(* If $L \subseteq \Sigma^*$ is regular, then $\psi_L$ is a $\leftarrow$-transduction; in particular $\psi_L(\Sigma^* )$ and $\psi_L(L)$ are regular. Furthermore, $\psi_L$ is a $\leftarrow$-reduction from $L$ to $\psi_L(L)$.
   Context: The Myhill–Nerode congruence: $x\sim_L y$ iff for all $z\in\Sigma^*$, $xz\in L\iff yz\in L$ (finitely many classes for regular $L$). $\psi_L(a_1\cdots a_n)=[a_1\cdots a_n]_{\sim_L}[a_2\cdots a_n]_{\sim_L}\cdots[a_n]_{\sim_L}$, a word over the alphabet $\Sigma^*/{\sim_L}$. A Mealy machine $(Q,\Sigma,\Gamma,q_0,\delta)$ with finite $Q$ and $\delta\colon Q\times\Sigma\to Q\times\Gamma$ defines $\tau_q$ by $\tau_q(\varepsilon)=\varepsilon$, $\tau_p(bu)=c\,\tau_q(u)$ if $\delta(p,b)=(q,c)$; a $\leftarrow$-transduction is a map of the form $x\mapsto\tau_{q_0}(x^\mathsf{R})^\mathsf{R}$ ($^\mathsf{R}$ = word reversal). A $\leftarrow$-reduction from $K$ to $K'$ is a $\leftarrow$-transduction $\tau$ with $x\in K\iff\tau(x)\in K'$ for all $x$. *)

From Stdlib Require List.
From mathcomp Require Import all_boot.
Set Implicit Arguments. Unset Strict Implicit. Unset Printing Implicit Defensive.

Definition lang (A : Type) := seq A -> Prop.

Definition over (A : Type) (Alph : seq A) (w : seq A) : Prop :=
  forall a, List.In a w -> List.In a Alph.

Definition dfa_accepts (A : Type) (Q : finType) (d : Q -> A -> Q) (q0 : Q)
  (F : pred Q) (w : seq A) : bool := F (foldl d q0 w).

Definition regular (A : Type) (K : lang A) : Prop :=
  exists (Alph : seq A),
    (forall w, K w -> over Alph w) /\
    exists (Q : finType) (q0 : Q) (d : Q -> A -> Q) (F : pred Q),
      forall w, over Alph w -> (K w <-> dfa_accepts d q0 F w).

Definition nerode (S : Type) (L : lang S) (x y : seq S) : Prop :=
  forall z, L (x ++ z) <-> L (y ++ z).

Definition nclass (S : Type) (L : lang S) (x : seq S) : seq S -> Prop :=
  fun y => nerode L x y.

(* psi_L(a1...an) = [a1...an][a2...an]...[an] *)
Definition psi (S : Type) (L : lang S) (x : seq S) : seq (seq S -> Prop) :=
  [seq nclass L (drop i x) | i <- iota 0 (size x)].

Fixpoint mealy_out (S G : Type) (Q : Type) (delta : Q -> S -> Q * G)
  (p : Q) (u : seq S) : seq G :=
  match u with
  | [::] => [::]
  | b :: u' => let: (q, c) := delta p b in c :: mealy_out delta q u'
  end.

Definition left_transduction (S G : Type) (f : seq S -> seq G) : Prop :=
  exists (Q : finType) (q0 : Q) (delta : Q -> S -> Q * G),
    forall x, f x = rev (mealy_out delta q0 (rev x)).

Definition left_reduction (S G : Type) (f : seq S -> seq G)
  (K : lang S) (K' : lang G) : Prop :=
  left_transduction f /\ forall x, K x <-> K' (f x).

Definition img_lang (S G : Type) (f : seq S -> seq G) (K : lang S) : lang G :=
  fun w => exists x, K x /\ w = f x.

(** The Myhill–Nerode class of a word [w] is determined by its image
    [q |-> q.w] in the transition monoid of a DFA for [L], and that image can be
    computed by reading [w] from right to left ([a w] acts as [q |-> (q.a).w]).
    So a Mealy machine whose states are transformations reads [x^R] and emits,
    after each prefix [u^R] of it, the class of the suffix [u] of [x]: the
    output is [psi_L(x)^R], i.e. [psi_L] is a left transduction.  A language of
    such outputs, restricted by a condition on the final state of the machine,
    is regular: reading [w] forward, a DFA tracks the set of machine states
    from which the still unproduced output [w] can be emitted backwards ending
    in an accepted state.  Finally the first letter of [psi_L(x)] is [[x]],
    which decides whether [x] belongs to [L]. *)

From Pilot Require Import Defs.
From mathcomp Require Import all_boot.
From mathcomp Require Import boolp.
Set Implicit Arguments. Unset Strict Implicit. Unset Printing Implicit Defensive.

Lemma InP (T : eqType) (x : T) (s : seq T) : reflect (List.In x s) (x \in s).
Proof.
elim: s => [|y s IH] /=; first by constructor.
rewrite inE; apply: (iffP orP) => [[/eqP ->|/IH]|[->|/IH]]; by [left|right|rewrite eqxx].
Qed.

Lemma overP (T : eqType) (Alph w : seq T) : reflect (Defs.over Alph w) (all (mem Alph) w).
Proof. by apply: (iffP allP) => sub a /InP /sub /InP. Qed.

Lemma In_rev (T : Type) (x : T) (s : seq T) : List.In x (rev s) <-> List.In x s.
Proof.
have -> : rev s = List.rev s by elim: s => //= y s IH; rewrite rev_cons -cats1 IH.
by rewrite -List.in_rev.
Qed.

Lemma regular_complete_dfa (A : eqType) (K : lang A) :
  regular K -> exists (Q : finType) (q0 : Q) (d : Q -> A -> Q) (F : pred Q),
    forall w, K w <-> dfa_accepts d q0 F w.
Proof.
case=> Alph [K_over [Q [q0 [d [F K_dfa]]]]].
pose d' (q : option Q) a := if (q, a \in Alph) is (Some q, true) then Some (d q a) else None.
have sink w : foldl d' None w = None by elim: w.
have run_d' w q : foldl d' (Some q) w = if all (mem Alph) w then Some (foldl d q w) else None.
  by elim: w q => [|a w IH] q //=; rewrite /d'; case: (a \in Alph) => /=.
exists (option Q), (Some q0), d', (fun q => if q is Some q then F q else false) => w.
rewrite /dfa_accepts run_d'; case: (overP Alph w) => [Aw | nAw]; first exact: K_dfa.
by split=> // /K_over.
Qed.

Section MealyMachine.
Variables (Q S G : Type) (delta : Q -> S -> Q * G).

Definition mealy_state (q : Q) (u : seq S) : Q := foldl (fun p b => (delta p b).1) q u.

Lemma mealy_out_cons q b u :
  mealy_out delta q (b :: u) = (delta q b).2 :: mealy_out delta (delta q b).1 u.
Proof. by rewrite /=; case: (delta q b). Qed.

Lemma mealy_out_rcons q u b :
  mealy_out delta q (rcons u b) = rcons (mealy_out delta q u) (delta (mealy_state q u) b).2.
Proof.
elim: u q => [|c u IH] q; first by rewrite mealy_out_cons.
by rewrite rcons_cons !mealy_out_cons IH.
Qed.

Lemma In_mealy_out q u c :
  List.In c (mealy_out delta q u) -> exists p b, c = (delta p b).2.
Proof.
elim: u q => [|b u IH] q //; rewrite mealy_out_cons => -[<-|/IH //].
by exists q, b.
Qed.

End MealyMachine.

Section ReverseSubsetConstruction.
Variables (Q S : finType) (G : Type) (delta : Q -> S -> Q * G) (P : pred Q).

Definition unread_step (X : {set Q}) (c : G) : {set Q} :=
  [set p | [exists b, `[< (delta p b).2 = c >] && ((delta p b).1 \in X)]].

Lemma mem_foldl_unread_step w p :
  p \in foldl unread_step [set p | P p] w <->
  exists u, P (mealy_state delta p u) /\ w = rev (mealy_out delta p u).
Proof.
elim/last_ind: w p => [|w c IH] p.
  rewrite inE; split=> [Pp | [[|b u] [Pu]] //]; first by exists [::].
  by move/(congr1 size); rewrite size_rev mealy_out_cons.
rewrite foldl_rcons inE; split.
  case/existsP=> b /andP[/asboolP <- /IH[u [Pu ->]]].
  by exists (b :: u); rewrite mealy_out_cons rev_cons.
case=> -[|b u] [Pu]; first by move/(congr1 size); rewrite size_rcons.
rewrite mealy_out_cons rev_cons => /rcons_inj[w_out c_out].
apply/existsP; exists b; rewrite c_out; apply/andP; split; first exact/asboolP.
by apply/IH; exists u.
Qed.

Lemma regular_img_mealy (q0 : Q) (f : seq S -> seq G) (K : lang S) :
  (forall x, f x = rev (mealy_out delta q0 (rev x))) ->
  (forall x, K x <-> P (mealy_state delta q0 (rev x))) ->
  regular (img_lang f K).
Proof.
move=> fE KE; pose out (pb : Q * S) := (delta pb.1 pb.2).2.
exists (map out (enum {: Q * S})); split.
  move=> _ [x [_ ->]] c; rewrite fE => /In_rev c_out.
  have [p [b ->]] := In_mealy_out c_out.
  by apply: (List.in_map out _ (p, b)); apply/InP; rewrite mem_enum.
exists {set Q}, [set p | P p], unread_step, (fun X : {set Q} => q0 \in X) => w _.
rewrite /dfa_accepts mem_foldl_unread_step; split.
  by case=> x [/KE Px ->]; exists (rev x); rewrite -fE.
by case=> u [Pu ->]; exists (rev u); rewrite KE fE revK.
Qed.

End ReverseSubsetConstruction.

Definition moore_delta (T S G : Type) (step : T -> S -> T) (out : T -> G) : T -> S -> T * G :=
  fun p b => (step p b, out (step p b)).

Lemma mealy_state_moore (T S G : Type) (step : T -> S -> T) (out : T -> G) q u :
  mealy_state (moore_delta step out) q u = foldl step q u.
Proof. by []. Qed.

Section Psi.
Variables (S : Type) (L : lang S).

Lemma psi_cons a w : psi L (a :: w) = nclass L (a :: w) :: psi L w.
Proof. by rewrite /psi /= -add1n iotaDl -map_comp. Qed.

Lemma size_psi x : size (psi L x) = size x.
Proof. by rewrite size_map size_iota. Qed.

Lemma psi_eq_lang x y : psi L x = psi L y -> L x <-> L y.
Proof.
have [|/eqP size_xy psi_xy] := eqVneq (size x) (size y).
  case: x y => [|a x] [|b y] //= _; rewrite !psi_cons => -[class_xy _].
  have : nclass L (b :: y) (b :: y) by [].
  by rewrite -class_xy => /(_ [::]); rewrite !cats0.
by case: size_xy; rewrite -size_psi psi_xy size_psi.
Qed.

Section RightToLeft.
Variables (T : Type) (f : seq S -> T) (step : T -> S -> T).
Hypothesis f_cons : forall a w, f (a :: w) = step (f w) a.

Lemma foldl_rev_step x : foldl step (f [::]) (rev x) = f x.
Proof. by elim: x => // a x IH; rewrite rev_cons foldl_rcons IH f_cons. Qed.

Variable out : T -> seq S -> Prop.
Hypothesis nclass_f : forall w, nclass L w = out (f w).

Lemma psi_moore x : psi L x = rev (mealy_out (moore_delta step out) (f [::]) (rev x)).
Proof.
elim: x => // a x IH.
by rewrite psi_cons rev_cons mealy_out_rcons rev_rcons IH mealy_state_moore
  foldl_rev_step nclass_f f_cons.
Qed.

End RightToLeft.
End Psi.

Section TransitionMonoid.
Variables (A : Type) (Q : finType) (d : Q -> A -> Q).

Definition transformation (w : seq A) : {ffun Q -> Q} := [ffun q => foldl d q w].

Definition transformation_step (g : {ffun Q -> Q}) (a : A) : {ffun Q -> Q} :=
  [ffun q => g (d q a)].

Lemma transformation_cons a w :
  transformation (a :: w) = transformation_step (transformation w) a.
Proof. by apply/ffunP => q; rewrite !ffunE. Qed.

Variables (q0 : Q) (F : pred Q) (L : lang A).
Hypothesis L_dfa : forall w, L w <-> dfa_accepts d q0 F w.

Definition residual_class (g : {ffun Q -> Q}) : seq A -> Prop :=
  fun y => forall z, L (y ++ z) <-> dfa_accepts d (g q0) F z.

Lemma lang_transformation w : L w <-> F (transformation w q0).
Proof. by rewrite L_dfa /dfa_accepts ffunE. Qed.

Lemma lang_cat_transformation w z : L (w ++ z) <-> dfa_accepts d (transformation w q0) F z.
Proof. by rewrite L_dfa /dfa_accepts foldl_cat ffunE. Qed.

Lemma nclass_transformation w : nclass L w = residual_class (transformation w).
Proof.
apply/funext => y; apply/propext; rewrite /nclass /nerode /residual_class.
split=> class_y z; last by rewrite lang_cat_transformation; apply: iff_sym.
by rewrite -lang_cat_transformation; apply: iff_sym.
Qed.

End TransitionMonoid.

Theorem lemma4p2 (Sigma : finType) (L : lang Sigma) :
  regular L ->
  left_transduction (psi L) /\
  regular (img_lang (psi L) (fun _ => True)) /\
  regular (img_lang (psi L) L) /\
  left_reduction (psi L) L (img_lang (psi L) L).
Proof.
case/regular_complete_dfa => Q [q0 [d [F L_dfa]]].
pose delta := moore_delta (transformation_step d) (residual_class d q0 F L).
have psiE := psi_moore (transformation_cons d) (nclass_transformation L_dfa).
have img_regular K (P : pred {ffun Q -> Q}) :
    (forall x, K x <-> P (transformation d x)) -> regular (img_lang (psi L) K).
  move=> KE; apply: (regular_img_mealy (P := P) psiE) => x.
  by rewrite KE mealy_state_moore (foldl_rev_step (transformation_cons d)).
have transduction : left_transduction (psi L) by exists _, (transformation d [::]), delta.
split; first done.
split; first by apply: (img_regular _ xpredT) => x; split.
split; first exact: img_regular _ (fun g => F (g q0)) (lang_transformation L_dfa).
split=> // x; split=> [Lx | [y [Ly psi_xy]]]; first by exists x.
exact/(psi_eq_lang psi_xy).
Qed.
• • • • •
• _DIRECTIONS FOR THIS TASK_:
Please repeat the lines above exactly, beginning with the line that contains "by rewrite KE" and ending with the final one.

• _COMPLETED EXERCISE_:
  by rewrite KE mealy_state_moore (foldl_rev_step (transformation_cons d)).
have transduction : left_transduction (psi L) by exists _, (transformation d [::]), delta.
split; first done.
split; first by apply: (img_regular _ xpredT) => x; split.
split; first exact: img_regular _ (fun g => F (g q0)) (lang_transformation L_dfa).
split=> // x; split=> [Lx | [y [Ly psi_xy]]]; first by exists x.
exact/(psi_eq_lang psi_xy).
Qed.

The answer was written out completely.